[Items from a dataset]
•••

(* Let $G$ be a connected graph with vertex set $\{v_1,\dots,v_n\}$ and let $G^+$ be obtained from $G$ by adding new vertices $v_1^+,\dots,v_n^+$ and edges $v_iv_i^+$ ($i=1,\dots,n$). Let $Q$ be a clique separator of $G^+$ and let $M$ be the $Q$-attachedness graph of $G^+$. Then $M$ has no full antipodal triangle and no induced copy of $W^{(0)}_{2k+1}$ for any $k\ge 1$ if and only if $M$ has no induced copy of $W^{(0)}_{2k+1}$ for any $k\ge 1$.
   Context: Graphs are finite and simple. A clique is an inclusion-maximal set of pairwise adjacent vertices. For a connected graph $X$, a clique $Q$ of $X$ is a clique separator if $X-Q$ has at least two connected components; if their vertex sets are $V_1,\dots,V_s$, put $\gamma_i=X[V_i\cup Q]$ and $\Gamma_Q=\{\gamma_1,\dots,\gamma_s\}$. A relevant clique of $\gamma\in\Gamma_Q$ is a clique $K$ of the graph $\gamma$ with $K\cap Q\neq\emptyset$ and $K\neq Q$. An element $\gamma$ is a neighboring subgraph of a vertex $v$ if $v$ belongs to some relevant clique of $\gamma$; a set $W\subseteq\Gamma_Q$ is neighboring if there is $v\in Q$ such that every member of $W$ is a neighboring subgraph of $v$. Relations on $\Gamma_Q$: attachedness $\gamma\bowtie\gamma'$ iff there are relevant cliques $K$ of $\gamma$ and $K'$ of $\gamma'$ with $K\cap K'\cap Q\neq\emptyset$; dominance $\gamma\le\gamma'$ iff $\gamma\bowtie\gamma'$ and, for each relevant clique $K'$ of $\gamma'$, either $K\cap Q\subseteq K'\cap Q$ for every relevant clique $K$ of $\gamma$, or $K\cap K'\cap Q=\emptyset$ for every relevant clique $K$ of $\gamma$; antipodality $\gamma\leftrightarrow\gamma'$ iff there are relevant cliques $K$ of $\gamma$ and $K'$ of $\gamma'$ with $K\cap K'\cap Q\neq\emptyset$ and $K\cap Q$, $K'\cap Q$ inclusion-wise incomparable. Dominance is a preorder; by standing convention, elements $\gamma,\gamma'$ with $\gamma\le\gamma'$ and $\gamma'\le\gamma$ are identified (attachedness, antipodality and being neighboring are compatible with this identification). The $Q$-attachedness graph $M$ has vertex set $\Gamma_Q$ and an edge $\gamma\gamma'$ for each pair of distinct attached elements; it is 2-edge-colored: the edge is antipodal if $\gamma\leftrightarrow\gamma'$ and a dominance edge otherwise (then $\gamma\le\gamma'$ or $\gamma'\le\gamma$). A triangle of $M$ is full if its vertex set is a neighboring set; a full antipodal triangle is a full triangle all of whose edges are antipodal. $W^{(0)}_{2k+1}$ ($k\ge1$) is the 2-edge-colored wheel with hub $c$ and rim vertices $x_1,\dots,x_{2k+1}$, rim edges $x_ix_{i+1}$ (indices mod $2k+1$) antipodal and all spokes $cx_i$ dominance edges. An induced copy of a 2-edge-colored graph $F$ in $M$ is an injective map from $V(F)$ to $V(M)$ such that two vertices are adjacent in $F$ iff their images are adjacent in $M$, with the same edge color. *)

From mathcomp Require Import all_boot.
Set Implicit Arguments. Unset Strict Implicit. Unset Printing Implicit Defensive.

(* A finite simple graph is a symmetric irreflexive relation [adj] on a finType V. *)

Definition complete (V : finType) (adj : rel V) (K : {set V}) : bool :=
  [forall x in K, forall y in K, (x != y) ==> adj x y].

Definition is_clique_in (V : finType) (adj : rel V) (S K : {set V}) : bool :=
  maxset (fun K' : {set V} => (K' \subset S) && complete adj K') K.

Definition is_clique (V : finType) (adj : rel V) (K : {set V}) : bool :=
  is_clique_in adj [set: V] K.

Definition adj_minus (V : finType) (adj : rel V) (Q : {set V}) : rel V :=
  fun x y => [&& adj x y, x \notin Q & y \notin Q].

Definition components (V : finType) (adj : rel V) (Q : {set V}) : {set {set V}} :=
  [set [set y | connect (adj_minus adj Q) x y] | x in ~: Q].

Definition clique_separator (V : finType) (adj : rel V) (Q : {set V}) : bool :=
  is_clique adj Q && (1 < #|components adj Q|).

(* Gamma_Q: each gamma_i = X[V_i ∪ Q] is represented by its vertex set V_i ∪ Q. *)
Definition GammaQ (V : finType) (adj : rel V) (Q : {set V}) : {set {set V}} :=
  [set C :|: Q | C in components adj Q].

Definition relevant (V : finType) (adj : rel V) (Q S K : {set V}) : bool :=
  [&& is_clique_in adj S K, K :&: Q != set0 & K != Q].

Definition neighboring_sub (V : finType) (adj : rel V) (Q g : {set V}) (v : V) : bool :=
  [exists K : {set V}, relevant adj Q g K && (v \in K)].

Definition attached (V : finType) (adj : rel V) (Q g g' : {set V}) : bool :=
  [exists K : {set V}, exists K' : {set V},
     [&& relevant adj Q g K, relevant adj Q g' K' & K :&: K' :&: Q != set0]].

Definition dominated (V : finType) (adj : rel V) (Q g g' : {set V}) : bool :=
  attached adj Q g g' &&
  [forall K' : {set V}, relevant adj Q g' K' ==>
     ([forall K : {set V}, relevant adj Q g K ==> (K :&: Q \subset K' :&: Q)]
      || [forall K : {set V}, relevant adj Q g K ==> (K :&: K' :&: Q == set0)])].

Definition antipodal (V : finType) (adj : rel V) (Q g g' : {set V}) : bool :=
  [exists K : {set V}, exists K' : {set V},
     [&& relevant adj Q g K, relevant adj Q g' K', K :&: K' :&: Q != set0,
         ~~ (K :&: Q \subset K' :&: Q) & ~~ (K' :&: Q \subset K :&: Q)]].

Definition identified (V : finType) (adj : rel V) (Q g g' : {set V}) : bool :=
  (g == g') || (dominated adj Q g g' && dominated adj Q g' g).

Inductive ecol := Antipodal | Dominance.

(* colour of the pair {[g],[g']} in the Q-attachedness graph M (None = no edge) *)
Definition mcol (V : finType) (adj : rel V) (Q g g' : {set V}) : option ecol :=
  if attached adj Q g g' && ~~ identified adj Q g g'
  then Some (if antipodal adj Q g g' then Antipodal else Dominance)
  else None.

(* induced copy of a 2-edge-coloured graph F (vertex type VF, colour map F) in M;
   vertices of M are elements of Gamma_Q up to identification *)
Definition induced_copy (VF : finType) (F : VF -> VF -> option ecol)
    (V : finType) (adj : rel V) (Q : {set V}) : Prop :=
  exists f : VF -> {set V},
    (forall x, f x \in GammaQ adj Q) /\
    (forall x y, x != y -> ~~ identified adj Q (f x) (f y)) /\
    (forall x y, x != y -> mcol adj Q (f x) (f y) = F x y).

(* the wheel W^{(0)}_{2k+1}: hub = None, rim vertices Some i, i : 'I_(2k+1) *)
Definition wheel0 (k : nat) (x y : option 'I_(k.*2.+1)) : option ecol :=
  match x, y with
  | None, None => None
  | None, Some _ | Some _, None => Some Dominance
  | Some i, Some j =>
      if (i.+1 %% k.*2.+1 == j) || (j.+1 %% k.*2.+1 == i) then Some Antipodal else None
  end.

Definition has_full_antipodal_triangle (V : finType) (adj : rel V) (Q : {set V}) : Prop :=
  exists g1 g2 g3 : {set V},
    [/\ g1 \in GammaQ adj Q, g2 \in GammaQ adj Q & g3 \in GammaQ adj Q] /\
    [/\ mcol adj Q g1 g2 = Some Antipodal, mcol adj Q g2 g3 = Some Antipodal
      & mcol adj Q g1 g3 = Some Antipodal] /\
    exists2 v, v \in Q &
      [&& neighboring_sub adj Q g1 v, neighboring_sub adj Q g2 v & neighboring_sub adj Q g3 v].

(* G^+ : vertex v_i = inl i, pendant vertex v_i^+ = inr i *)
Definition plus_adj (T : finType) (e : rel T) : rel (T + T) :=
  fun u w => match u, w with
  | inl x, inl y => e x y
  | inl x, inr y => x == y
  | inr x, inl y => x == y
  | inr _, inr _ => false
  end.

From mathcomp Require Import all_boot.
Set Implicit Arguments. Unset Strict Implicit. Unset Printing Implicit Defensive.

(* Let v be a common vertex of a full antipodal triangle g1 g2 g3 of M.
   Antipodality needs three distinct vertices of Q, so v is an original
   vertex v_a and its pendant v_a^+ lies outside Q.  Then {v_a^+} is a
   component of G^+ - Q, and the only clique of h = Q + v_a^+ meeting Q is
   {v_a, v_a^+}.  Its trace on Q is the single vertex v_a, so h is attached
   to each g_i by a dominance edge and never by an antipodal one: h is the
   hub of an induced W_3 with rim g1 g2 g3. *)

Section Attachedness.
Variables (V : finType) (adj : rel V) (Q : {set V}).
Implicit Types (g h : {set V}) (K : {set V}).

Lemma attachedC g g' : attached adj Q g g' = attached adj Q g' g.
Proof.
suff sym k k' : attached adj Q k k' -> attached adj Q k' k
  by apply/idP/idP; apply: sym.
case/existsP=> K /existsP[K' /and3P[rK rK' meet]].
by apply/existsP; exists K'; apply/existsP; exists K; rewrite rK rK' (setIC K').
Qed.

Lemma antipodalC g g' : antipodal adj Q g g' = antipodal adj Q g' g.
Proof.
suff sym k k' : antipodal adj Q k k' -> antipodal adj Q k' k
  by apply/idP/idP; apply: sym.
case/existsP=> K /existsP[K' /and5P[rK rK' meet nsub nsub']].
apply/existsP; exists K'; apply/existsP; exists K.
by rewrite rK rK' (setIC K') meet nsub nsub'.
Qed.

Lemma identifiedC g g' : identified adj Q g g' = identified adj Q g' g.
Proof. by rewrite /identified eq_sym andbC. Qed.

Lemma mcolC g g' : mcol adj Q g g' = mcol adj Q g' g.
Proof. by rewrite /mcol attachedC identifiedC antipodalC. Qed.

Lemma mcol_edge_not_identified g g' :
  mcol adj Q g g' <> None -> ~~ identified adj Q g g'.
Proof. by rewrite /mcol; case: andP => // -[]. Qed.

Lemma mcol_antipodal g g' :
  mcol adj Q g g' = Some Antipodal -> antipodal adj Q g g'.
Proof. by rewrite /mcol; case: (_ && _) => //; case: antipodal. Qed.

Lemma antipodal_card_gt2 g g' : antipodal adj Q g g' -> 2 < #|Q|.
Proof.
case/existsP=> K /existsP[K' /and5P[_ _ /set0Pn[z zKK'Q] nsub nsub']].
move: zKK'Q; rewrite !inE => /andP[/andP[zK zK'] zQ].
case/subsetPn: nsub => w; rewrite !inE => /andP[wK wQ]; rewrite wQ andbT => wK'.
case/subsetPn: nsub' => u; rewrite !inE => /andP[uK' uQ]; rewrite uQ andbT => uK.
apply/card_gt2P; exists z, w, u; split=> //; split.
- by apply: contraNneq wK' => <-.
- by apply: contraNneq uK => <-.
- by apply: contraNneq uK => ->.
Qed.

Lemma not_antipodal_trace1 h x g :
  (forall K, relevant adj Q h K -> K :&: Q \subset [set x]) ->
  ~~ antipodal adj Q h g.
Proof.
move=> trace1; apply/existsP=> -[K /existsP[K' /and5P[rK _ /set0Pn[z zKK'Q] nsub _]]].
move: zKK'Q; rewrite !inE => /andP[/andP[zK zK'] zQ].
have in_x y : y \in K :&: Q -> y = x by move/(subsetP (trace1 _ rK)); rewrite inE => /eqP.
have zx : z = x by apply: in_x; rewrite inE zK zQ.
by case/subsetPn: nsub => y /in_x->; rewrite -zx inE zK' zQ.
Qed.

(* The hypothesis that g is antipodal to some g' is what keeps h and g from
   being identified: h itself is antipodal to nothing. *)
Lemma mcol_trace1_dominance h x K0 g g' :
  relevant adj Q h K0 -> x \in K0 -> x \in Q ->
  (forall K, relevant adj Q h K -> K :&: Q \subset [set x]) ->
  neighboring_sub adj Q g x -> antipodal adj Q g g' ->
  mcol adj Q h g = Some Dominance.
Proof.
move=> rK0 xK0 xQ trace1 /existsP[K /andP[rK xK]] anti_g.
have xKK0 : x \in K :&: K0 :&: Q by rewrite !inE xK xK0 xQ.
have att : attached adj Q h g.
  apply/existsP; exists K0; apply/existsP; exists K; rewrite rK0 rK /=.
  by apply/set0Pn; exists x; rewrite !inE xK0 xK xQ.
have not_dom : ~~ dominated adj Q g h.
  apply/andP=> -[_ /forallP/(_ K0)]; rewrite rK0 /=.
  case/orP=> [/forallP sub | /forallP/(_ K)].
    move: anti_g; apply/negP; apply: (not_antipodal_trace1 (x := x)) => K1 rK1.
    by apply: subset_trans (trace1 _ rK0); move: (sub K1); rewrite rK1.
  by rewrite rK /= => /eqP disj; rewrite disj inE in xKK0.
have neq : h != g by apply: contraNneq (not_antipodal_trace1 g' trace1) => ->.
by rewrite /mcol att /identified (negbTE neq) (negbTE not_dom) andbF
  (negbTE (not_antipodal_trace1 g trace1)).
Qed.

Lemma wheel3_induced_copy h g1 g2 g3 :
  [/\ h \in GammaQ adj Q, g1 \in GammaQ adj Q, g2 \in GammaQ adj Q
    & g3 \in GammaQ adj Q] ->
  [/\ mcol adj Q g1 g2 = Some Antipodal, mcol adj Q g2 g3 = Some Antipodal
    & mcol adj Q g1 g3 = Some Antipodal] ->
  [/\ mcol adj Q h g1 = Some Dominance, mcol adj Q h g2 = Some Dominance
    & mcol adj Q h g3 = Some Dominance] ->
  induced_copy (wheel0 (k := 1)) adj Q.
Proof.
move=> [Gh G1 G2 G3] [M12 M23 M13] [Mh1 Mh2 Mh3].
pose f (x : option 'I_(1.*2.+1)) := if x is Some i then nth g3 [:: g1; g2] i else h.
have Mf x y : x != y -> mcol adj Q (f x) (f y) = wheel0 (k := 1) x y.
  by case: x y => [[[|[|[|?]]] ?]|] [[[|[|[|?]]] ?]|] //=; rewrite // mcolC.
exists f; split; first by case=> [[[|[|[|?]]] ?]|].
split=> x y neq; last exact: Mf.
apply: mcol_edge_not_identified; rewrite Mf //.
by case: x y neq => [[[|[|[|?]]] ?]|] [[[|[|[|?]]] ?]|].
Qed.

End Attachedness.

Section PendantVertices.
Variables (T : finType) (e : rel T).
Local Notation A := (plus_adj e).
Implicit Types (Q K : {set T + T}) (a : T).

Lemma complete_pendant_sub K a :
  complete A K -> inr a \in K -> K \subset [set inl a; inr a].
Proof.
move=> cK aK; apply/subsetP => y yK; rewrite !inE.
have [-> | ya] := eqVneq y (inr a); first by rewrite orbT.
move/forall_inP: cK => /(_ _ aK)/forall_inP/(_ _ yK); rewrite eq_sym ya /=.
by case: y {yK ya} => // y /eqP->; rewrite eqxx.
Qed.

Lemma not_antipodal_pendant_in Q a g g' :
  complete A Q -> inr a \in Q -> ~~ antipodal A Q g g'.
Proof.
move=> cQ aQ; apply: contraTN isT => /antipodal_card_gt2.
by have := subset_leq_card (complete_pendant_sub cQ aQ); rewrite cards2 ltnNge => ->.
Qed.

Section PendantComponent.
Variables (Q : {set T + T}) (a : T).
Hypotheses (cQ : complete A Q) (aQ : inl a \in Q) (a'Q : inr a \notin Q).

Lemma pendant_in_GammaQ : inr a |: Q \in GammaQ A Q.
Proof.
apply/imsetP; exists [set inr a] => //.
apply/imsetP; exists (inr a); first by rewrite inE.
apply/setP => y; rewrite !inE; apply/eqP/idP => [-> | /connectP[[|z p] /= zp ->] //].
  exact: connect0.
by case: z zp => // z /andP[/and3P[/eqP <-]]; rewrite aQ.
Qed.

Lemma pendant_edge_relevant : relevant A Q (inr a |: Q) [set inl a; inr a].
Proof.
apply/and3P; split; last first.
- by apply: contraNneq a'Q => <-; rewrite !inE eqxx orbT.
- by apply/set0Pn; exists (inl a); rewrite !inE eqxx aQ.
apply/maxsetP; split=> [|B /andP[_ cB] sEB].
  apply/andP; split.
    by apply/subsetP => x; rewrite !inE => /orP[]/eqP->; rewrite ?eqxx ?aQ ?orbT.
  by apply/forall_inP => x; rewrite !inE => /orP[]/eqP->;
    apply/forall_inP => y; rewrite !inE => /orP[]/eqP->; rewrite /= ?eqxx.
apply/eqP; rewrite eqEsubset sEB andbT; apply: complete_pendant_sub cB _.
by apply: (subsetP sEB); rewrite !inE eqxx orbT.
Qed.

(* A clique of Q + v_a^+ avoiding v_a^+ lies in Q, hence equals Q by maximality. *)
Lemma pendant_relevant_trace K :
  relevant A Q (inr a |: Q) K -> K :&: Q \subset [set inl a].
Proof.
case/and3P=> /maxsetP[/andP[sKh cK] maxK] _ KQ.
have aK : inr a \in K.
  apply: contraNT KQ => a'K; apply/eqP/esym/maxK; first by rewrite /= subsetUr cQ.
  apply/subsetP => x xK; move: (subsetP sKh x xK); rewrite !inE.
  by case/orP=> // /eqP xa; rewrite -xa xK in a'K.
apply/subsetP => x /setIP[xK xQ]; move: (subsetP (complete_pendant_sub cK aK) x xK).
by rewrite !inE => /orP[// | /eqP xa]; move: a'Q; rewrite -xa xQ.
Qed.

End PendantComponent.

End PendantVertices.

Theorem lemma4p3 (T : finType) (e : rel T) :
  symmetric e -> irreflexive e -> (forall x y : T, connect e x y) ->
  forall Q : {set T + T}, clique_separator (plus_adj e) Q ->
  ((~ has_full_antipodal_triangle (plus_adj e) Q /\
    forall k : nat, 0 < k -> ~ induced_copy (wheel0 (k := k)) (plus_adj e) Q)
   <-> (forall k : nat, 0 < k -> ~ induced_copy (wheel0 (k := k)) (plus_adj e) Q)).
Proof.
move=> _ _ _ Q /andP[/maxsetP[/andP[_ cQ] _] _].
split=> [[] // | no_wheel]; split=> //.
case=> g1 [g2 [g3 [[G1 G2 G3] [[M12 M23 M13] [v vQ /and3P[N1 N2 N3]]]]]].
have anti12 := mcol_antipodal M12.
have anti21 : antipodal (plus_adj e) Q g2 g1 by rewrite antipodalC.
have anti31 : antipodal (plus_adj e) Q g3 g1 by rewrite antipodalC mcol_antipodal.
have pendant_out a : inr a \notin Q.
  by apply: contraTN anti12 => /(not_antipodal_pendant_in _ _ cQ).
case: v vQ N1 N2 N3 => [a|a] aQ N1 N2 N3; last by move: (pendant_out a); rewrite aQ.
have dom := mcol_trace1_dominance (pendant_edge_relevant e aQ (pendant_out a))
  (setU11 _ _) aQ (pendant_relevant_trace cQ (pendant_out a)).
apply: (no_wheel 1 isT); apply: (@wheel3_induced_copy _ _ _ (inr a |: Q) g1 g2 g3).
- by split=> //; apply: pendant_in_GammaQ.
- by split.
- by split; [apply: dom N1 anti12 | apply: dom N2 anti21 | apply: dom N3 anti31].
Qed.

•••

Please output exactly the lines between the one holding "Definition relevant (V" and the one holding "Definition wheel0 (k" in the records above, inclusive, and nothing more.

Definition relevant (V : finType) (adj : rel V) (Q S K : {set V}) : bool :=
  [&& is_clique_in adj S K, K :&: Q != set0 & K != Q].

Definition neighboring_sub (V : finType) (adj : rel V) (Q g : {set V}) (v : V) : bool :=
  [exists K : {set V}, relevant adj Q g K && (v \in K)].

Definition attached (V : finType) (adj : rel V) (Q g g' : {set V}) : bool :=
  [exists K : {set V}, exists K' : {set V},
     [&& relevant adj Q g K, relevant adj Q g' K' & K :&: K' :&: Q != set0]].

Definition dominated (V : finType) (adj : rel V) (Q g g' : {set V}) : bool :=
  attached adj Q g g' &&
  [forall K' : {set V}, relevant adj Q g' K' ==>
     ([forall K : {set V}, relevant adj Q g K ==> (K :&: Q \subset K' :&: Q)]
      || [forall K : {set V}, relevant adj Q g K ==> (K :&: K' :&: Q == set0)])].

Definition antipodal (V : finType) (adj : rel V) (Q g g' : {set V}) : bool :=
  [exists K : {set V}, exists K' : {set V},
     [&& relevant adj Q g K, relevant adj Q g' K', K :&: K' :&: Q != set0,
         ~~ (K :&: Q \subset K' :&: Q) & ~~ (K' :&: Q \subset K :&: Q)]].

Definition identified (V : finType) (adj : rel V) (Q g g' : {set V}) : bool :=
  (g == g') || (dominated adj Q g g' && dominated adj Q g' g).

Inductive ecol := Antipodal | Dominance.

(* colour of the pair {[g],[g']} in the Q-attachedness graph M (None = no edge) *)
Definition mcol (V : finType) (adj : rel V) (Q g g' : {set V}) : option ecol :=
  if attached adj Q g g' && ~~ identified adj Q g g'
  then Some (if antipodal adj Q g g' then Antipodal else Dominance)
  else None.

(* induced copy of a 2-edge-coloured graph F (vertex type VF, colour map F) in M;
   vertices of M are elements of Gamma_Q up to identification *)
Definition induced_copy (VF : finType) (F : VF -> VF -> option ecol)
    (V : finType) (adj : rel V) (Q : {set V}) : Prop :=
  exists f : VF -> {set V},
    (forall x, f x \in GammaQ adj Q) /\
    (forall x y, x != y -> ~~ identified adj Q (f x) (f y)) /\
    (forall x y, x != y -> mcol adj Q (f x) (f y) = F x y).

(* the wheel W^{(0)}_{2k+1}: hub = None, rim vertices Some i, i : 'I_(2k+1) *)
Definition wheel0 (k : nat) (x y : option 'I_(k.*2.+1)) : option ecol :=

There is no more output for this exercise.